Pneumonia Detection completed by a CNN
Pneumonia is a disease that has greatly plagued humanity. Pneumonia is a bacterial infection that causes the air sacs of the lungs to become greatly inflamed and you can get a cough with phlegm, fever, chills, and many other unpleasant symptoms. During the COVID-19 Pandemic, patients who have died have usually had COVID-19, fought it off, and then died due to pneumonia taking advantage of a weakened immune system. It’s important to detect pneumonia in its early stages so that doctors can provide an accurate prescription, and this is what my project aims to do. My project aims to create an algorithm that can detect pneumonia and differentiate lungs with pneumonia from lungs that are healthy.
Pneumonia is an unpleasant disease, so I set out to use a Convolutional Neural Network(CNN) to detect pneumonia from x-rays of lungs of patients who have pneumonia. Any algorithm requires data, so I downloaded a dataset off of Kaggle that has almost 1gb of x-rays of patients who have pneumonia and patients who have normal lungs. I wanted to use a CNN to perform this task. You might ask, what is a CNN? Well, a CNN is a type of algorithm that provides the computer with vision. The algorithm will break down the image into pixels and then observe trends about those individual pixels. The algorithm then assigns these individual pixels, pixellated values, and the process of pooling now begins. The algorithm will take a certain area of the image and then find its max-pooling number. This max-pooling number can then be compared and used to identify the specific image that this might be. Now, let's move onto my code.

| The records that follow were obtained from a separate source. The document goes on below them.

Section Kernel.
Context {R : realFieldType} {S A : finType} {P : S * A -> S -> R}.
Hypothesis P_ge0 : forall sa s', 0 <= P sa s'.
Hypothesis P_sum1 : forall sa, \sum_(s' : S) P sa s' = 1.

(* The expectation [PV P] is affine, since the rows of [P] sum to one, and
   monotone, since its entries are nonnegative. *)
Lemma PV_affine (a b c : R) (x y : S -> R) sa :
  PV P (fun s => a * x s + b * y s + c) sa = a * PV P x sa + b * PV P y sa + c.
Proof.
rewrite /PV; under eq_bigr do rewrite !mulrDr mulrCA [P _ _ * (b * _)]mulrCA.
by rewrite !big_split /= -!mulr_sumr -mulr_suml P_sum1 mul1r.
Qed.

Lemma PV_cst (c : R) sa : PV P (fun=> c) sa = c.
Proof. by rewrite /PV -mulr_suml P_sum1 mul1r. Qed.

Lemma PV_le (x y : S -> R) sa : (forall s, x s <= y s) -> PV P x sa <= PV P y sa.
Proof. by move=> xy; apply: ler_sum => s _; apply: ler_wpM2l. Qed.

Lemma PV_bounds {lo hi : R} {x : S -> R} sa :
  (forall s, lo <= x s <= hi) -> lo <= PV P x sa <= hi.
Proof.
move=> xB; apply/andP; split; [rewrite -(PV_cst lo sa) | rewrite -(PV_cst hi sa)];
  by apply: PV_le => s; case/andP: (xB s).
Qed.

Lemma Ppi_PV pi (x : S * A -> R) sa : Ppi P pi x sa = PV P (fun s => x (s, pi s)) sa.
Proof. by []. Qed.

Lemma prodPpi_ext pis h (x y : S * A -> R) sa : (forall z, x z = y z) ->
  prodPpi P pis h x sa = prodPpi P pis h y sa.
Proof.
elim: h x y sa => [|h IH] x y sa xy /=; first exact: xy.
by apply: IH => z; apply: eq_bigr => s _; rewrite xy.
Qed.

Lemma prodPpi_le pis h (x y : S * A -> R) sa : (forall z, x z <= y z) ->
  prodPpi P pis h x sa <= prodPpi P pis h y sa.
Proof.
elim: h x y sa => [|h IH] x y sa xy /=; first exact: xy.
by apply: IH => z; apply: PV_le => s.
Qed.

Lemma prodPpi_affine pis h (a b c : R) (x y : S * A -> R) sa :
  prodPpi P pis h (fun z => a * x z + b * y z + c) sa
  = a * prodPpi P pis h x sa + b * prodPpi P pis h y sa + c.
Proof.
elim: h x y sa => [|h IH] x y sa //=; rewrite -IH.
by apply: prodPpi_ext => z; exact: PV_affine.
Qed.

Lemma prodPpi_bounds pis h {lo hi : R} {x : S * A -> R} sa :
  (forall z, lo <= x z <= hi) -> lo <= prodPpi P pis h x sa <= hi.
Proof.
move=> xB; have cst c : prodPpi P pis h (fun=> c) sa = c.
  transitivity (prodPpi P pis h (fun z => 0 * x z + 0 * x z + c) sa).
    by apply: prodPpi_ext => z; rewrite !mul0r !add0r.
  by rewrite prodPpi_affine !mul0r !add0r.
apply/andP; split; [rewrite -(cst lo) | rewrite -(cst hi)];
  by apply: prodPpi_le => z; case/andP: (xB z).
Qed.

Lemma VarP_centre (V : S -> R) (c : R) sa :
  PV P (fun s => (V s - c) ^+ 2) sa = VarP P V sa + (PV P V sa - c) ^+ 2.
Proof.
have -> : PV P (fun s => (V s - c) ^+ 2) sa =
          PV P (fun s => 1 * (V s * V s) + (-2 * c) * V s + c ^+ 2) sa.
  by apply: eq_bigr => s _; congr (_ * _); ring.
by rewrite PV_affine /VarP; ring.
Qed.

Lemma VarP_ge0 (V : S -> R) sa : 0 <= VarP P V sa.
Proof.
have := VarP_centre V (PV P V sa) sa; rewrite subrr expr0n /= addr0 => <-.
by apply: sumr_ge0 => s _; rewrite mulr_ge0 ?sqr_ge0.
Qed.

Lemma VarP_le_sq (V : S -> R) (M : R) sa :
  (forall s, 0 <= V s <= M) -> VarP P V sa <= M * M.
Proof.
move=> VB; have VV s : 0 <= V s * V s <= M * M.
  by case/andP: (VB s) => ??; apply/andP; split; nra.
have /andP[_ PVV] := PV_bounds sa VV.
by rewrite /VarP; have := sqr_ge0 (PV P V sa); rewrite expr2; lra.
Qed.

(* On value functions with range in [0, M], moving each value by at most [eps]
   changes the variance by at most [2 eps M]: compare both variances with the
   second moments about the common centre [P W]. *)
Lemma VarP_perturb (V W : S -> R) (M eps : R) sa :
  (forall s, 0 <= V s <= M) -> (forall s, 0 <= W s <= M) ->
  (forall s, `|V s - W s| <= eps) ->
  VarP P V sa <= VarP P W sa + 2 * eps * M.
Proof.
move=> VB WB VW; set c := PV P W sa.
have /andP[c0 cM] : 0 <= c <= M by exact: PV_bounds.
have dev : PV P (fun s => (V s - c) ^+ 2) sa
           <= PV P (fun s => 1 * (W s - c) ^+ 2 + 0 * 0 + 2 * eps * M) sa.
  apply: PV_le => s; have := VW s; rewrite ler_norml => /andP[??].
  case/andP: (VB s) => ??; case/andP: (WB s) => ??; nra.
rewrite PV_affine VarP_centre (VarP_centre W c) subrr expr0n /= in dev.
by have := sqr_ge0 (PV P V sa - c); lra.
Qed.

Lemma VarP_bellman_step {V : S -> R} {M g rho eps : R} {s sa} :
  (forall s', 0 <= V s' <= M) -> 0 <= g -> 0 <= rho <= 1 -> 0 <= eps ->
  V s <= rho + g * PV P V sa + 2 * eps ->
  g ^+ 2 * VarP P V sa
  <= g ^+ 2 * PV P (fun s' => V s' * V s') sa - V s * V s + 2 * M * (1 + 2 * eps).
Proof.
move=> VB g0 /andP[rho0 rho1] eps0 gap.
have /andP[m0 _] : 0 <= PV P V sa <= M by exact: PV_bounds.
have := @sq_le_shift _ (V s) (g * PV P V sa) (rho + 2 * eps) (1 + 2 * eps) M (VB s)
  (mulr_ge0 g0 m0).
rewrite /VarP !expr2; lra.
Qed.
(* Over C write P = c * prod_j (x - r_j)^mu_j and G_i = prod_(mu_j > i)
   (x - r_j)^(mu_j - i), a common divisor of P, P', ..., P^(i).  Expanding dp
   along its last column writes R_delta as a combination of the rows
   x^e P^(k) of the Sylvester matrix, so every common divisor of
   P, ..., P^(i) divides it.  The coefficient of x^(deg G_i) in R_delta is
   the leading maximal minor, which is nonzero because the rows are linearly
   independent: in a relation among the blocks of P, ..., P^(k) the last
   block contributes A P^(k) with deg A < mubar_k, which must be divisible by
   G_(k-1); then A vanishes at the mubar_k roots with mu_j >= k, so A = 0.
   As deg R_delta <= deg G_i, R_delta and G_i are associate, hence also
   associate to gcd(P, ..., P^(i)); the statement over R follows since
   subresultants and gcds commute with the embedding R -> C. *)

From mathcomp Require Import all_boot all_order all_algebra.
From mathcomp Require Import complex zify.
Set Implicit Arguments. Unset Strict Implicit. Unset Printing Implicit Defensive.
Import GRing.Theory Num.Theory.
Local Open Scope ring_scope.

Section DetPoly.
Variables (R : comNzRingType) (p q : nat) (M : 'M[R]_(p, q)).

Definition dpmx (c : nat) : 'M[R]_p :=
  \matrix_(a < p, b < p) mxentry M a (if (b.+1 < p)%N then (b : nat) else c).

There are a few things to unpack from this algorithm. First, we have the imported libraries. They all perform a few different tasks. Numpy helps convert the data into an array, which speeds up the processes of identification. Matplotlib is a mathematical extension of Numpy. Os will provide python with functions that allow it to interact with the operating system of my computer and extract data files. Cv2 also has functions that let the computer read the images. Tqdm will add the progress bars that appear later in the code. Pickle will create the two new files that my code will need to get the accuracy after unpacking this information. DATADIR shows my computer where to go to get the data on my computer and the CATEGORIES show the two different categories and the assignments that images should have. The first for loop’s main function is to loop through the file listed in DATADIR and retrieve the data files that are to be used for testing. Outside of the first function, the code will then print the array of data and the shape of that data. The data is then resized and we begin the process of creating a training dataset from all the X-ray files obtained.
The training data is first created as an empty list, which will soon be filled up. The first function will create the training data that this algorithm will need to use. It creates a path to the normal and pneumonia files and then assigns values to them. A 0 will be pneumonia and a 1 will be normal. It will convert the visual data to an array and then resize to manage the size of the data. The training data list will then have the array and the classifications appended to it. The function is then called back and the length of the data is printed. The algorithm then imports random and shuffles around the data in the training data dataset. It will then randomly print out samples of the dataset and call back the functions to identify the images. The data is then reshaped and we now begin the process of training and identification.
The function will now utilize pickle to create the files that have all the training data on them. After those files are created, they are then opened and we utilize TensorFlow to create this algorithm and get the identifications of the x-rays. The value of the pixels can range between 0–255. We then create our model using Sequential. Sequential is a model that has 1 input tensor and 1 output tensor. It’s simply the type of model that we will be using, there are many others that Keras has to offer. Our model then goes through the process of having the images run through it and completing the convolution of turning everything into pixels and then the max-pooling where the final number is determined. The 3D maps are then converted to 1D vectors. The algorithm then compiles the results and the epochs of training begin.
The epochs undergo training and the final accuracy comes in at 95.91%, fairly good for this algorithm. Hopefully, with further research in this field, we can constantly use these types of algorithms to identify diseases and assist human doctors on making their prognosis.